Posted in Latest Developments on July 8, 2016

By Sam Stoddard

Sam Stoddard came to Wizards of the Coast as an intern in May 2012. He is currently a game designer working on final design and development for Magic: The Gathering.

It's the last Friday of previews, and the entire Eldritch Moon Card Image Gallery can be found on our website. Take some time to look through the set—there is plenty of awesome stuff in there, and I hope everyone finds some cards they are excited to play with.

Today, I want to talk about the most notable aspect of Eldritch Moon—meld cards. Both Ken Nagle and Mark Rosewater talked a lot about how they came to be in the design process, but as you may have noticed, the final versions of the cards are very different than the original cards submitted. Let's look at the process these cards went through to get to their final iterations.

Double Trouble

The first thing development needed to do when working on these cards was to figure out just how many would appear in the set. They are the flashiest thing to show off the transformation of things into Eldrazi, but realistically, they are just not going to happen as frequently as regular transform cards in Limited. We wanted to introduce this awesome and flashy mechanic, but if it reduced the total amount of transforming in Eldritch Moon-Eldritch Moon-Shadows over Innistrad Limited to a fractional amount per game, then I think it would take away a lot of what makes Innistrad cool and unique.
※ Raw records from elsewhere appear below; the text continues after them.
(* Let $G$ be a group generated by $x_1,\dots,x_n$, with finite commutator subgroup $C=[G,G]$, such that $G/C$ is free abelian of rank $n$ with basis the images of $x_1,\dots,x_n$. Let $Z$ be the center of $G$ and $Z_{CG}=Z\cap C$. Then there is a subgroup $\widetilde Z\le Z$ with $\widetilde Z\cong\mathbb Z^n$ and $\widetilde Z\cap Z_{CG}$ trivial such that $Z=\widetilde Z\,Z_{CG}$ (a direct product). Moreover $\mathrm{rank}(Z)=n+\mathrm{rank}(Z_{CG})$.
   Context: The rank of a group is the minimal cardinality of a generating set. *)

From mathcomp Require Import all_boot all_algebra.
From Stdlib Require Import List.
Set Implicit Arguments. Unset Strict Implicit. Unset Printing Implicit Defensive.
Import GRing.Theory.
Local Open Scope ring_scope.

Record group := Group {
  carrier :> Type;
  gmul : carrier -> carrier -> carrier;
  ginv : carrier -> carrier;
  gone : carrier;
  gmulA : forall a b c, gmul a (gmul b c) = gmul (gmul a b) c;
  gmul1 : forall a, gmul gone a = a;
  gmulV : forall a, gmul (ginv a) a = gone
}.

Section Defs.
Variable G : group.
Local Notation "a * b" := (gmul a b).

Definition subgroup (S : G -> Prop) : Prop :=
  S (gone G) /\ (forall a b, S a -> S b -> S (a * b)) /\ (forall a, S a -> S (ginv a)).

Definition gen (A : G -> Prop) : G -> Prop :=
  fun g => forall S, subgroup S -> (forall a, A a -> S a) -> S g.

Definition commutator (a b : G) : G := ginv a * ginv b * a * b.

Definition derived : G -> Prop :=
  gen (fun g => exists a b, g = commutator a b).

Definition center : G -> Prop := fun g => forall h, g * h = h * g.

Definition finite_set (S : G -> Prop) : Prop :=
  exists s : list G, forall g, S g -> In g s.

Definition zpow (g : G) (k : int) : G :=
  match k with
  | Posz m => iter m (gmul g) (gone G)
  | Negz m => ginv (iter m.+1 (gmul g) (gone G))
  end.

Definition zprod (n : nat) (x : 'I_n -> G) (k : 'I_n -> int) : G :=
  foldr (fun i acc => zpow (x i) (k i) * acc) (gone G) (enum 'I_n).

Definition generates (S : G -> Prop) (m : nat) (y : 'I_m -> G) : Prop :=
  forall g, S g <-> gen (fun a => exists i, a = y i) g.

Definition has_rank (S : G -> Prop) (r : nat) : Prop :=
  (exists y : 'I_r -> G, generates S y) /\
  (forall (m : nat) (y : 'I_m -> G), generates S y -> (r <= m)%N).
The first thing I did was cut the uncommon meld cards the design team handed off. The problem with having the mechanic at uncommon is that it feels like something you can do in Draft—but realistically, it's just not going to happen much. More than rares, for sure, but there isn't a big expectation that rares will happen in Limited. They are more of a Constructed thing. On average, you see slightly less than one of each uncommon per draft, meaning that in a huge portion of the total number of drafts, you will only see one of the two cards. Even when you do get one, the other card has to not only show up, but get passed to you. Meaning that at least one of the two needs to be weak enough to get through a huge portion of the draft. This combination felt like a real poor way to deploy the mechanic. Instead, we opted to keep the mechanic at either common or rare.
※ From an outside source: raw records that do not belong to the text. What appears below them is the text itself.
(* Let $L$ be a weak Noetherian C-lattice. Then $L$ is sharp if and only if every element of $L$ is principal.
   Context: A multiplicative lattice is a complete lattice $(L,\le)$ with bottom $0$ and top $1$ which is also a commutative monoid with identity $1$ such that $a(\bigvee_\alpha b_\alpha)=\bigvee_\alpha(ab_\alpha)$ for all $a,b_\alpha\in L$. For $x,y\in L$, $(y:x)=\bigvee\{a\in L: ax\le y\}$. An element $c$ is compact if $c\le\bigvee S$ implies $c\le\bigvee T$ for some finite $T\subseteq S$. A C-lattice is a multiplicative lattice in which $1$ is compact, the product of two compact elements is compact, and every element is a join of compact elements. An element $x$ is meet principal if $y\wedge zx=((y:x)\wedge z)x$ for all $y,z\in L$; join principal if $y\vee(z:x)=((yx\vee z):x)$ for all $y,z\in L$; principal if both. $L$ is weak Noetherian if every element is a join of principal elements and every element of $L$ is compact. $L$ is sharp if whenever $a_1a_2\le b$ with $a_1,a_2,b\in L$, there exist $b_1,b_2\in L$ with $a_i\le b_i$ ($i=1,2$) and $b=b_1b_2$. *)

From Stdlib Require Import List.

Record MultLattice := {
  carrier :> Type;
  le : carrier -> carrier -> Prop;
  sup : (carrier -> Prop) -> carrier;
  mul : carrier -> carrier -> carrier;
  one : carrier;
  le_refl : forall x, le x x;
  le_antisym : forall x y, le x y -> le y x -> x = y;
  le_trans : forall x y z, le x y -> le y z -> le x z;
  sup_ub : forall (S : carrier -> Prop) x, S x -> le x (sup S);
  sup_least : forall (S : carrier -> Prop) y,
      (forall x, S x -> le x y) -> le (sup S) y;
  one_top : forall x, le x one;
  mulA : forall x y z, mul x (mul y z) = mul (mul x y) z;
  mulC : forall x y, mul x y = mul y x;
  mul1 : forall x, mul one x = x;
  mul_sup : forall a (S : carrier -> Prop),
      mul a (sup S) = sup (fun z => exists b, S b /\ z = mul a b)
}.

Section Defs.
Variable L : MultLattice.

Definition zero : L := sup L (fun _ => False).
Definition join (x y : L) : L := sup L (fun z => z = x \/ z = y).
Definition meet (x y : L) : L := sup L (fun z => le L z x /\ le L z y).

Definition res (y x : L) : L := sup L (fun a => le L (mul L a x) y).

Definition compact (c : L) : Prop :=
  forall S : L -> Prop, le L c (sup L S) ->
    exists l : list L, (forall x, In x l -> S x) /\
                       le L c (sup L (fun x => In x l)).

Definition C_lattice : Prop :=
  compact (one L) /\
  (forall a b, compact a -> compact b -> compact (mul L a b)) /\
  (forall x : L, exists S : L -> Prop,
      (forall c, S c -> compact c) /\ x = sup L S).

Definition meet_principal (x : L) : Prop :=
  forall y z, meet y (mul L z x) = mul L (meet (res y x) z) x.

Definition join_principal (x : L) : Prop :=
  forall y z, join y (res z x) = res (join (mul L y x) z) x.

Definition principal (x : L) : Prop := meet_principal x /\ join_principal x.

Definition weak_noetherian : Prop :=
  (forall x : L, exists S : L -> Prop,
      (forall p, S p -> principal p) /\ x = sup L S) /\
  (forall x : L, compact x).

Definition sharp : Prop :=
  forall a1 a2 b : L, le L (mul L a1 a2) b ->
    exists b1 b2 : L, le L a1 b1 /\ le L a2 b2 /\ b = mul L b1 b2.

End Defs.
Two common pairs of double-faced cards for meld would have worked, but they are not the only goal for DFCs in the set; we also want to show Werewolves and other types of transformation. We could've made almost all (if not all) of the uncommon DFCs into Werewolves to compensate, but that also felt like too much. Double-faced cards are the strongest tool we have to tell the story of transformation, and we needed those slots to tell the individual Eldrazi transformation stories that the set needed. Once we knew how many were in the set, it was time to start making the actual cards.

Graf Rats
Chittering Host (Top)
Midnight Scavengers
Chittering Host (Bottom)

Graf Rats / Midnight Scavengers

This is what was handed off from the design team. The idea was there, and many of the designers were enamored with the idea that two low-pick commons could combine into something bigger, but in my mind it had larger problems. First of all, placing it in blue was rough because blue has the lowest percentage of creatures by color, so taking two out of it that would really only work together was a stretch. We already had the white pair at rare and mythic rare, and we didn't want to double-up colors. Both green and red were going to be using Werewolves, so that left black. What I wanted to do from there was figure out the right story to tell with the meld cards.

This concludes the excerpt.